Lemma std_zigzag0 c x m : std_zigzag c x (3 * m) = apex_edge (alt x m) (c + 2 * m).
Proof.
rewrite /std_zigzag; have -> : ((3 * m) %% 3)%Z = 0 by lia.
by have -> : ((3 * m) %/ 3)%Z = m by lia.
Qed.
Lemma std_zigzag1 c x m : std_zigzag c x (3 * m + 1) = base_edge (c + 2 * m).
Proof.
rewrite /std_zigzag; have -> : ((3 * m + 1) %% 3)%Z = 1 by lia.
by have -> : ((3 * m + 1) %/ 3)%Z = m by lia.
Qed.
Lemma std_zigzag2 c x m :
  std_zigzag c x (3 * m + 2) = apex_edge (~~ alt x m) (c + 2 * m + 1).
Proof.
rewrite /std_zigzag; have -> : ((3 * m + 2) %% 3)%Z = 2 by lia.
by have -> : ((3 * m + 2) %/ 3)%Z = m by lia.
Qed.
Lemma std_zigzag3 c x m :
  std_zigzag c x (3 * m + 3) = apex_edge (~~ alt x m) (c + 2 * m + 2).
Proof.
have -> : 3 * m + 3 = 3 * (m + 1) by ring.
by rewrite std_zigzag0 alt_succ mulrDr addrA.
Qed.
Lemma std_zigzag4 c x m : std_zigzag c x (3 * m + 4) = base_edge (c + 2 * m + 2).
Proof.
have -> : 3 * m + 4 = 3 * (m + 1) + 1 by ring.
by rewrite std_zigzag1 mulrDr addrA.
Qed.

Lemma divz3_cases (i : int) : exists m, [\/ i = 3 * m, i = 3 * m + 1 | i = 3 * m + 2].
Proof.
exists (i %/ 3)%Z.
have [h|[h|h]] : (i %% 3)%Z = 0 \/ (i %% 3)%Z = 1 \/ (i %% 3)%Z = 2 by lia.
- by apply: Or31; lia.
- by apply: Or32; lia.
- by apply: Or33; lia.
Qed.

Lemma disjoint_set2 (T : finType) (p q r s : T) : p != r -> p != s -> q != r -> q != s ->
  [disjoint [set p; q] & [set r; s]].
Proof.
move=> pr ps qr qs; rewrite disjoint_subset; apply/subsetP => y.
by rewrite !inE => /orP[]/eqP->; rewrite negb_or ?pr ?ps ?qr ?qs.
Qed.

Lemma std_zigzag_is_zigzag c x : is_zigzag (BP_faces n) (std_zigzag c x).
Proof.
apply: (zigzag_of_local card_bp_face) => i.
have [m [] ->] := divz3_cases i.
- rewrite std_zigzag0 std_zigzag1 std_zigzag2.
  split; [exact: card_apex_edge | exact: apex_edge_neq_base | |].
    exists (bp_face (alt x m) (c + 2 * m)); first exact: bp_face_in.
    by rewrite apex_edge_sub_face ?base_edge_sub_face //; left.
  apply: disjoint_set2 => //; first by case: (alt x m).
  by apply: inl_ordz_neq; lia.
- have -> : 3 * m + 1 + 1 = 3 * m + 2 by ring.
  have -> : 3 * m + 1 + 2 = 3 * m + 3 by ring.
  rewrite std_zigzag1 std_zigzag2 std_zigzag3.
  split; [exact: card_base_edge | by move/esym/apex_edge_neq_base | |].
    exists (bp_face (~~ alt x m) (c + 2 * m)); first exact: bp_face_in.
    by rewrite apex_edge_sub_face ?base_edge_sub_face //; right.
  by apply: disjoint_set2 => //; apply: inl_ordz_neq; lia.
- have -> : 3 * m + 2 + 1 = 3 * m + 3 by ring.
  have -> : 3 * m + 2 + 2 = 3 * m + 4 by ring.
  rewrite std_zigzag2 std_zigzag3 std_zigzag4.
  split; [exact: card_apex_edge | | |].
  + by case/apex_edge_inj => _; apply: ordz_neq; lia.
  + exists (bp_face (~~ alt x m) (c + 2 * m + 1)); first exact: bp_face_in.
    by rewrite !apex_edge_sub_face //; [right | left]; rewrite -?addrA.
  + by apply: disjoint_set2 => //; apply: inl_ordz_neq; lia.
Qed.

Lemma std_zigzag_at0 c x : std_zigzag c x 0 = apex_edge x c.
Proof. by have := std_zigzag0 c x 0; rewrite !mulr0 addr0 alt_even. Qed.
Lemma std_zigzag_at1 c x : std_zigzag c x 1 = base_edge c.
Proof. by have := std_zigzag1 c x 0; rewrite !mulr0 addr0 add0r. Qed.
Lemma std_zigzag_atN1 c x : std_zigzag c x (-1) = apex_edge x (c - 1).
Proof.
have := std_zigzag2 c x (-1); rewrite alt_odd // negbK => ->.
by congr apex_edge; ring.
Qed.
Lemma std_zigzag_atN2 c x : std_zigzag c x (-2) = base_edge (c - 2).
Proof. by have := std_zigzag1 c x (-1); rewrite mulrN1 => ->. Qed.

(* Consecutive apex edges lie in a common face, hence share their apex; so
   three in a row would violate the disjointness of [Z 0] and [Z 2]. *)
Lemma zigzag_has_base_edge Z : is_zigzag (BP_faces n) Z -> exists j w, Z j = base_edge w.
Proof.
move=> HZ; have edgeZ i : is_edge (BP_faces n) (Z i) by case: (HZ i).
case: (bp_edge_cases (edgeZ 0)) => [[x0 [z0 e0]] | [w e0]]; last by exists 0, w.
case: (bp_edge_cases (edgeZ 1)) => [[x1 [z1 e1]] | [w e1]]; last by exists 1, w.
case: (bp_edge_cases (edgeZ 2)) => [[x2 [z2 e2]] | [w e2]]; last by exists 2, w.
have [_ [_ [F /BP_facesP [y [u ->]] /andP[s0 s1]]] _ dj] := HZ 0.
have [_ [_ [G /BP_facesP [y' [u' ->]] /andP[t1 t2]]] _ _] := HZ 1.
rewrite add0r e0 e1 in s0 s1 dj; rewrite e1 in t1; rewrite e2 in t2 dj.
have [hx0 _] := apex_edge_sub s0; have [hx1 _] := apex_edge_sub s1.
have [hx1' _] := apex_edge_sub t1; have [hx2 _] := apex_edge_sub t2.
have : inr x0 \in apex_edge x0 z0 by rewrite in_apex_edge_r.
by move/(disjointFr dj); rewrite in_apex_edge_r hx0 -hx1 hx1' -hx2 eqxx.
Qed.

* * * * * * *

EXERCISE OBJECTIVE:
The reply should consist solely of the lines above from the one that has "Lemma std_zigzag_is_zigzag c" through the one that has "apply: ordz_neq; lia.", reproduced exactly.

OUTPUT OF THE EXERCISE:
Lemma std_zigzag_is_zigzag c x : is_zigzag (BP_faces n) (std_zigzag c x).
Proof.
apply: (zigzag_of_local card_bp_face) => i.
have [m [] ->] := divz3_cases i.
- rewrite std_zigzag0 std_zigzag1 std_zigzag2.
  split; [exact: card_apex_edge | exact: apex_edge_neq_base | |].
    exists (bp_face (alt x m) (c + 2 * m)); first exact: bp_face_in.
    by rewrite apex_edge_sub_face ?base_edge_sub_face //; left.
  apply: disjoint_set2 => //; first by case: (alt x m).
  by apply: inl_ordz_neq; lia.
- have -> : 3 * m + 1 + 1 = 3 * m + 2 by ring.
  have -> : 3 * m + 1 + 2 = 3 * m + 3 by ring.
  rewrite std_zigzag1 std_zigzag2 std_zigzag3.
  split; [exact: card_base_edge | by move/esym/apex_edge_neq_base | |].
    exists (bp_face (~~ alt x m) (c + 2 * m)); first exact: bp_face_in.
    by rewrite apex_edge_sub_face ?base_edge_sub_face //; right.
  by apply: disjoint_set2 => //; apply: inl_ordz_neq; lia.
- have -> : 3 * m + 2 + 1 = 3 * m + 3 by ring.
  have -> : 3 * m + 2 + 2 = 3 * m + 4 by ring.
  rewrite std_zigzag2 std_zigzag3 std_zigzag4.
  split; [exact: card_apex_edge | | |].
  + by case/apex_edge_inj => _; apply: ordz_neq; lia.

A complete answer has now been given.